● EXERCISE
In the material below, find each line holding the string "Require" and copy it.

● AVAILABLE DATA
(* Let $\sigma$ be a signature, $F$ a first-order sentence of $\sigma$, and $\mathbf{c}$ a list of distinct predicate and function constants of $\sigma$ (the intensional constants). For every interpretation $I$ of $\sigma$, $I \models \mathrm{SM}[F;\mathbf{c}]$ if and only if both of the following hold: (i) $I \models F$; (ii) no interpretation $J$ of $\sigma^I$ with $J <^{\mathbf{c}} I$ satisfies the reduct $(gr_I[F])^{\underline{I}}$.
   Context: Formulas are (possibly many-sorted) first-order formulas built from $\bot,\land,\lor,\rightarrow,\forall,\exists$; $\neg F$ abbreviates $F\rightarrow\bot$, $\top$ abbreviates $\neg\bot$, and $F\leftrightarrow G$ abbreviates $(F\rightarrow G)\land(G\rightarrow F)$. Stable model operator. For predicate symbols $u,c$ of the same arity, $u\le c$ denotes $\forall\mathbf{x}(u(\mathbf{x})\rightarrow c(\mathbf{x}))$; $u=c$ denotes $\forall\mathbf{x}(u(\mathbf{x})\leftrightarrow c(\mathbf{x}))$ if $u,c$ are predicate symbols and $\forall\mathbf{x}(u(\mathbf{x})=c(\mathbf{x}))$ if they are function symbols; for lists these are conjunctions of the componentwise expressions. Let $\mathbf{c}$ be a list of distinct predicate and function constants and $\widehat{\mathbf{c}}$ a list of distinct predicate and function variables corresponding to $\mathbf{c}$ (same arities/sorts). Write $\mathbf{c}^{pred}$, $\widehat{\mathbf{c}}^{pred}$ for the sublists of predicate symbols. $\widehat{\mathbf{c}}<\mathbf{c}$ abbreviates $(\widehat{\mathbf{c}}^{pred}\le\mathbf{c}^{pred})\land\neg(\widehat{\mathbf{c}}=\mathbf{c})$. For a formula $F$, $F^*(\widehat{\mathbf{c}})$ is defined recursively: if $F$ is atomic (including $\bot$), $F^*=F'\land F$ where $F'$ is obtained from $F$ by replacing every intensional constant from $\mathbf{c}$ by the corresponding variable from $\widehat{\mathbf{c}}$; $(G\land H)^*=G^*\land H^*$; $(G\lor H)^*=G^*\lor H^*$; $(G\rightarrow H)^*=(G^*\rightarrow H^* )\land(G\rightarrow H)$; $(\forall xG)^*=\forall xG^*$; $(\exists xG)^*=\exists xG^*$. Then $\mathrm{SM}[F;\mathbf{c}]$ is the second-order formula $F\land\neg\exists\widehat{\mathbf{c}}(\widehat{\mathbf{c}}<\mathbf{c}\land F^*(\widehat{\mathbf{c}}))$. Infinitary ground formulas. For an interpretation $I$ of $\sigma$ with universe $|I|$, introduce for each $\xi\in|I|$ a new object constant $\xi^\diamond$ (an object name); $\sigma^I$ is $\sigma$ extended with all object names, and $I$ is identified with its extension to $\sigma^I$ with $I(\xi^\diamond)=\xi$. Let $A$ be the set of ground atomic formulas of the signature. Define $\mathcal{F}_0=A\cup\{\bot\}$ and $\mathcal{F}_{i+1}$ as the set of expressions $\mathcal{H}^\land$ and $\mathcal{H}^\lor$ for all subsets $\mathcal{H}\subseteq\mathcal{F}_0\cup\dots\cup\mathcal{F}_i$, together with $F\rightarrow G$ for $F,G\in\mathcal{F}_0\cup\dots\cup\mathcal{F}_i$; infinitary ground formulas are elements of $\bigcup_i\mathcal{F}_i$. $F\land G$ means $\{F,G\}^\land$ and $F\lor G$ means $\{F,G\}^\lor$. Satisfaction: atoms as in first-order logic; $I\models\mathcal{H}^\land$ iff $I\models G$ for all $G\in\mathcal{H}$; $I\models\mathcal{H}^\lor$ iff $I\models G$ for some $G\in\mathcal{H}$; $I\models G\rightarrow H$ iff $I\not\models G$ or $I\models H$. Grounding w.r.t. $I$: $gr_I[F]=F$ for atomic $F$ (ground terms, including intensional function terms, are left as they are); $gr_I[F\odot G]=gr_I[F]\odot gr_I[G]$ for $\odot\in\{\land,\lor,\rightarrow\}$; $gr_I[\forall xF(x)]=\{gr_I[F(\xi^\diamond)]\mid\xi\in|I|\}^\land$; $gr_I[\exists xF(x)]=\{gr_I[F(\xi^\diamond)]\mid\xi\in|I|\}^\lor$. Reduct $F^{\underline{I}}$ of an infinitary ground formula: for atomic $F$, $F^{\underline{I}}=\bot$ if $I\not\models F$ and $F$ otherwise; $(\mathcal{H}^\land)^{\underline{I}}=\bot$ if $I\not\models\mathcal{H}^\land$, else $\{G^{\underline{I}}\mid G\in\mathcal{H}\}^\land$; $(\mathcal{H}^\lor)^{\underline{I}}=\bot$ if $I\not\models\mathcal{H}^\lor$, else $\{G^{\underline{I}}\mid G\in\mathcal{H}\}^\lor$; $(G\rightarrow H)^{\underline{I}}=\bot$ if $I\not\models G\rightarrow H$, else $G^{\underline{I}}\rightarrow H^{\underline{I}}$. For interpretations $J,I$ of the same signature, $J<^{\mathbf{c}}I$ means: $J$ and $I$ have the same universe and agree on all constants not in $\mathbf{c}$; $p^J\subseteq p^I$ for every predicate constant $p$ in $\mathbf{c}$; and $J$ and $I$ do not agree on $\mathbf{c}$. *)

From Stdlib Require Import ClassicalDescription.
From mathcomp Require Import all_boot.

● YOUR SOLUTION
From Stdlib Require Import ClassicalDescription.
From mathcomp Require Import all_boot.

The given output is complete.